Would you write the data out once more, exactly as it is?

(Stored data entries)
════════════════
Lemma formula_convex_sections n : convex_range_on a b f -> convex_sections_n F n.
Proof.
move=> hcr y z _; apply: (sinc_clamp_convex finc (g := fun x => cd_mean (y ++ x :: z))) => //.
- by move=> ?; exact: cd_mean_in.
- by move=> u; rewrite hform //; case: y.
exact: cd_mean_section_clamp.
Qed.

End ClosedFormula.

Section BinaryReduction.
Context {dX dY : Order.disp_t} {X : tbOrderType dX} {Y : orderType dY}.
Variables (a b : X) (hab : a <= b) (F : seq X -> Y) (f : X -> Y).
Hypotheses (hpre : preassociative F) (hqri : unarily_quasi_range_idempotent F)
  (finc : strictly_increasing_on a b f) (hF1 : forall x, F [:: x] = f (med a x b))
  (hc2 : forall x, F [:: x; x] = F [:: x]) (hd2 : nondecreasing_n F 2)
  (he2 : convex_sections_n F 2).

Lemma F1_in x : a <= x <= b -> F [:: x] = f x.
Proof. by move=> hx; rewrite hF1 med_clamp_id. Qed.

Lemma F2_value x y : exists q, (a <= q <= b) && (F [:: x; y] == f q).
Proof.
have : exists s, s <> [::] /\ F s = F [:: x; y] by exists [:: x; y].
move/hqri => [x0 hx0]; exists (med a x0 b).
by rewrite med_clamp_in // -hx0 hF1 eqxx.
Qed.

Definition op2 x y := xchoose (F2_value x y).

Lemma op2_in x y : a <= op2 x y <= b.
Proof. by have /andP[] := xchooseP (F2_value x y). Qed.

Lemma F2_op2 x y : F [:: x; y] = f (op2 x y).
Proof. by have /andP[_ /eqP] := xchooseP (F2_value x y). Qed.

Lemma F1_op2 x y : F [:: op2 x y] = F [:: x; y].
Proof. by rewrite F1_in ?op2_in // F2_op2. Qed.

Lemma op2_medr x y : op2 x y = op2 x (med a y b).
Proof.
apply: (sinc_inj finc) (op2_in _ _) (op2_in _ _) _; rewrite -!F2_op2.
have e : F [:: y] = F [:: med a y b] by rewrite hF1 F1_in ?med_clamp_in.
exact: (hpre [:: x] [::] e).
Qed.

Lemma op2_chain_band : chain_band a b op2.
Proof.
split.
- move=> x y z; apply: (sinc_inj finc) (op2_in _ _) (op2_in _ _) _; rewrite -!F2_op2.
  have := hpre [::] [:: z] (esym (F1_op2 x y)).
  have := hpre [:: x] [::] (esym (F1_op2 y z)).
  by rewrite /= => <- <-.
- by move=> x hx; apply: (sinc_inj finc (op2_in _ _) hx); rewrite -F2_op2 hc2 F1_in.
- move=> y; apply: (sinc_homo_reflect finc (g := op2^~ y) (G := fun x => F [:: x; y])).
  + by move=> ?; exact: op2_in.
  + by move=> ?; exact: F2_op2.
  + by move=> x x'; exact: (@hd2 [::] [:: y] _ _ erefl).
- move=> x; apply: (sinc_homo_reflect finc (g := op2 x) (G := fun y => F [:: x; y])).
  + exact: op2_in.
  + exact: F2_op2.
  + by move=> y y'; exact: (@hd2 [:: x] [::] _ _ erefl).
- move=> y; apply: (sinc_intermediate_values finc (g := op2^~ y) (G := fun x => F [:: x; y])).
  + by move=> ?; exact: op2_in.
  + by move=> ?; exact: F2_op2.
  + exact: (@he2 [::] [:: y] erefl).
- move=> x; apply: (sinc_intermediate_values finc (g := op2 x) (G := fun y => F [:: x; y])).
  + exact: op2_in.
  + exact: F2_op2.
  + exact: (@he2 [:: x] [::] erefl).
Qed.

Lemma cd_mean_representation : exists c d, [/\ a <= c <= b, a <= d <= b &
  forall s, s <> [::] -> F s = f (cd_mean a b c d s)].
Proof.
have hc := op2_in b a; have hd := op2_in a b.
exists (op2 b a), (op2 a b); split=> //.
elim/last_ind => // t w IH _.
have [->|tn] := eqVneq t [::]; first by rewrite /= cd_mean1.
have e : F t = F [:: cd_mean a b (op2 b a) (op2 a b) t].
  by rewrite IH ?F1_in ?cd_mean_in //; exact/eqP.
rewrite cd_mean_rcons //.
have := hpre [::] [:: w] e; rewrite /= cats1 => ->.
by rewrite F2_op2 op2_medr (band_cd op2_chain_band) ?cd_mean_in ?med_clamp_in.
Qed.

End BinaryReduction.

Theorem theorem5p8 (dX dY : Order.disp_t) (X : tbOrderType dX) (Y : orderType dY)
  (F : seq X -> Y) (hF : standard F) (a b : X) (hab : a <= b) :
  let cond_i :=
    [/\ preassociative F /\ unarily_quasi_range_idempotent F,
        (exists f : X -> Y, [/\ strictly_increasing_on a b f, convex_range_on a b f &
             forall x, F [:: x] = f (med a x b)]),
        (forall x, F [:: x; x] = F [:: x]),
        nondecreasing_n F 2 &
        convex_sections_n F 2] in
  let cond_ii :=
    [/\ preassociative F /\ unarily_quasi_range_idempotent F,
        (exists f : X -> Y, [/\ strictly_increasing_on a b f, convex_range_on a b f &
             forall x, F [:: x] = f (med a x b)]),
        (forall n, (2 <= n)%N -> forall x, F (nseq n x) = F [:: x]),
        (forall n, (2 <= n)%N -> nondecreasing_n F n) &
        (forall n, (2 <= n)%N -> convex_sections_n F n)] in
  let formula_iii (c d : X) (f : X -> Y) :=
    forall s : seq X, s <> [::] ->
      F s = f (med a
                 (Order.max (Order.max (Order.min c (head a s))
                      (med (\meet_(x <- s) x) (Order.min c d) (\join_(x <- s) x)))
                    (Order.min d (last a s)))
                 b) in
  let cond_iii :=
    exists (c d : X) (f : X -> Y),
      [/\ a <= c <= b, a <= d <= b, strictly_increasing_on a b f,
          convex_range_on a b f & formula_iii c d f] in
  [/\ cond_i <-> cond_ii, cond_ii <-> cond_iii &
      forall (c d : X) (f : X -> Y), a <= c <= b -> a <= d <= b ->
        strictly_increasing_on a b f -> convex_range_on a b f ->
        formula_iii c d f -> forall x, a <= x <= b -> f x = F [:: x]].
Proof.
move=> cond_i cond_ii formula_iii cond_iii.
have i_iii : cond_i -> cond_iii.
  case=> [[hpre hqri] [f [finc hcr hF1]] hc2 hd2 he2].
  have [c [d [hc hd hform]]] := cd_mean_representation hab hpre hqri finc hF1 hc2 hd2 he2.
  by exists c, d, f.
have iii_ii : cond_iii -> cond_ii.
  case=> c [d [f [hc hd finc hcr hform]]]; split.
  - split; first exact: (formula_preassociative hab hc hd finc hform hF).
    exact: (formula_uqri hab hform).
  - by exists f; split=> //; exact: (formula_F1 hform).
  - by case=> // n _ x; exact: (formula_nseq hc hd hform).
  - by move=> n _; exact: (formula_nondecreasing hab hc hd finc hform).
  - by move=> n _; exact: (formula_convex_sections hab hc hd finc hform hcr).
have ii_i : cond_ii -> cond_i.
  by case=> h1 h2 h3 h4 h5; split=> //; [exact: h3 2 isT | exact: h4 | exact: h5].
split; [by split=> [/i_iii/iii_ii|/ii_i] | by split=> [/ii_i/i_iii|/iii_ii] |].
move=> c d f hc hd finc hcr hform x hx.
by rewrite (hform [:: x]) // -/(cd_mean a b c d [:: x]) cd_mean1 // med_clamp_id.
Qed.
════════════════
■ Solution for this problem:
Lemma formula_convex_sections n : convex_range_on a b f -> convex_sections_n F n.
Proof.
move=> hcr y z _; apply: (sinc_clamp_convex finc (g := fun x => cd_mean (y ++ x :: z))) => //.
- by move=> ?; exact: cd_mean_in.
- by move=> u; rewrite hform //; case: y.
exact: cd_mean_section_clamp.
Qed.

End ClosedFormula.

Section BinaryReduction.
Context {dX dY : Order.disp_t} {X : tbOrderType dX} {Y : orderType dY}.
Variables (a b : X) (hab : a <= b) (F : seq X -> Y) (f : X -> Y).
Hypotheses (hpre : preassociative F) (hqri : unarily_quasi_range_idempotent F)
  (finc : strictly_increasing_on a b f) (hF1 : forall x, F [:: x] = f (med a x b))
  (hc2 : forall x, F [:: x; x] = F [:: x]) (hd2 : nondecreasing_n F 2)
  (he2 : convex_sections_n F 2).

Lemma F1_in x : a <= x <= b -> F [:: x] = f x.
Proof. by move=> hx; rewrite hF1 med_clamp_id. Qed.

Lemma F2_value x y : exists q, (a <= q <= b) && (F [:: x; y] == f q).
Proof.
have : exists s, s <> [::] /\ F s = F [:: x; y] by exists [:: x; y].
move/hqri => [x0 hx0]; exists (med a x0 b).
by rewrite med_clamp_in // -hx0 hF1 eqxx.
Qed.

Definition op2 x y := xchoose (F2_value x y).

Lemma op2_in x y : a <= op2 x y <= b.
Proof. by have /andP[] := xchooseP (F2_value x y). Qed.

Lemma F2_op2 x y : F [:: x; y] = f (op2 x y).
Proof. by have /andP[_ /eqP] := xchooseP (F2_value x y). Qed.

Lemma F1_op2 x y : F [:: op2 x y] = F [:: x; y].
Proof. by rewrite F1_in ?op2_in // F2_op2. Qed.

Lemma op2_medr x y : op2 x y = op2 x (med a y b).
Proof.
apply: (sinc_inj finc) (op2_in _ _) (op2_in _ _) _; rewrite -!F2_op2.
have e : F [:: y] = F [:: med a y b] by rewrite hF1 F1_in ?med_clamp_in.
exact: (hpre [:: x] [::] e).
Qed.

Lemma op2_chain_band : chain_band a b op2.
Proof.
split.
- move=> x y z; apply: (sinc_inj finc) (op2_in _ _) (op2_in _ _) _; rewrite -!F2_op2.
  have := hpre [::] [:: z] (esym (F1_op2 x y)).
  have := hpre [:: x] [::] (esym (F1_op2 y z)).
  by rewrite /= => <- <-.
- by move=> x hx; apply: (sinc_inj finc (op2_in _ _) hx); rewrite -F2_op2 hc2 F1_in.
- move=> y; apply: (sinc_homo_reflect finc (g := op2^~ y) (G := fun x => F [:: x; y])).
  + by move=> ?; exact: op2_in.
  + by move=> ?; exact: F2_op2.
  + by move=> x x'; exact: (@hd2 [::] [:: y] _ _ erefl).
- move=> x; apply: (sinc_homo_reflect finc (g := op2 x) (G := fun y => F [:: x; y])).
  + exact: op2_in.
  + exact: F2_op2.
  + by move=> y y'; exact: (@hd2 [:: x] [::] _ _ erefl).
- move=> y; apply: (sinc_intermediate_values finc (g := op2^~ y) (G := fun x => F [:: x; y])).
  + by move=> ?; exact: op2_in.
  + by move=> ?; exact: F2_op2.
  + exact: (@he2 [::] [:: y] erefl).
- move=> x; apply: (sinc_intermediate_values finc (g := op2 x) (G := fun y => F [:: x; y])).
  + exact: op2_in.
  + exact: F2_op2.
  + exact: (@he2 [:: x] [::] erefl).
Qed.

Lemma cd_mean_representation : exists c d, [/\ a <= c <= b, a <= d <= b &
  forall s, s <> [::] -> F s = f (cd_mean a b c d s)].
Proof.
have hc := op2_in b a; have hd := op2_in a b.
exists (op2 b a), (op2 a b); split=> //.
elim/last_ind => // t w IH _.
have [->|tn] := eqVneq t [::]; first by rewrite /= cd_mean1.
have e : F t = F [:: cd_mean a b (op2 b a) (op2 a b) t].
  by rewrite IH ?F1_in ?cd_mean_in //; exact/eqP.
rewrite cd_mean_rcons //.
have := hpre [::] [:: w] e; rewrite /= cats1 => ->.
by rewrite F2_op2 op2_medr (band_cd op2_chain_band) ?cd_mean_in ?med_clamp_in.
Qed.

End BinaryReduction.

Theorem theorem5p8 (dX dY : Order.disp_t) (X : tbOrderType dX) (Y : orderType dY)
  (F : seq X -> Y) (hF : standard F) (a b : X) (hab : a <= b) :
  let cond_i :=
    [/\ preassociative F /\ unarily_quasi_range_idempotent F,
        (exists f : X -> Y, [/\ strictly_increasing_on a b f, convex_range_on a b f &
             forall x, F [:: x] = f (med a x b)]),
        (forall x, F [:: x; x] = F [:: x]),
        nondecreasing_n F 2 &
        convex_sections_n F 2] in
  let cond_ii :=
    [/\ preassociative F /\ unarily_quasi_range_idempotent F,
        (exists f : X -> Y, [/\ strictly_increasing_on a b f, convex_range_on a b f &
             forall x, F [:: x] = f (med a x b)]),
        (forall n, (2 <= n)%N -> forall x, F (nseq n x) = F [:: x]),
        (forall n, (2 <= n)%N -> nondecreasing_n F n) &
        (forall n, (2 <= n)%N -> convex_sections_n F n)] in
  let formula_iii (c d : X) (f : X -> Y) :=
    forall s : seq X, s <> [::] ->
      F s = f (med a
                 (Order.max (Order.max (Order.min c (head a s))
                      (med (\meet_(x <- s) x) (Order.min c d) (\join_(x <- s) x)))
                    (Order.min d (last a s)))
                 b) in
  let cond_iii :=
    exists (c d : X) (f : X -> Y),
      [/\ a <= c <= b, a <= d <= b, strictly_increasing_on a b f,
          convex_range_on a b f & formula_iii c d f] in
  [/\ cond_i <-> cond_ii, cond_ii <-> cond_iii &
      forall (c d : X) (f : X -> Y), a <= c <= b -> a <= d <= b ->
        strictly_increasing_on a b f -> convex_range_on a b f ->
        formula_iii c d f -> forall x, a <= x <= b -> f x = F [:: x]].
Proof.
move=> cond_i cond_ii formula_iii cond_iii.
have i_iii : cond_i -> cond_iii.
  case=> [[hpre hqri] [f [finc hcr hF1]] hc2 hd2 he2].
  have [c [d [hc hd hform]]] := cd_mean_representation hab hpre hqri finc hF1 hc2 hd2 he2.
  by exists c, d, f.
have iii_ii : cond_iii -> cond_ii.
  case=> c [d [f [hc hd finc hcr hform]]]; split.
  - split; first exact: (formula_preassociative hab hc hd finc hform hF).
    exact: (formula_uqri hab hform).
  - by exists f; split=> //; exact: (formula_F1 hform).
  - by case=> // n _ x; exact: (formula_nseq hc hd hform).
  - by move=> n _; exact: (formula_nondecreasing hab hc hd finc hform).
  - by move=> n _; exact: (formula_convex_sections hab hc hd finc hform hcr).
have ii_i : cond_ii -> cond_i.
  by case=> h1 h2 h3 h4 h5; split=> //; [exact: h3 2 isT | exact: h4 | exact: h5].
split; [by split=> [/i_iii/iii_ii|/ii_i] | by split=> [/ii_i/i_iii|/iii_ii] |].
move=> c d f hc hd finc hcr hform x hx.
by rewrite (hform [:: x]) // -/(cd_mean a b c d [:: x]) cd_mean1 // med_clamp_id.
Qed.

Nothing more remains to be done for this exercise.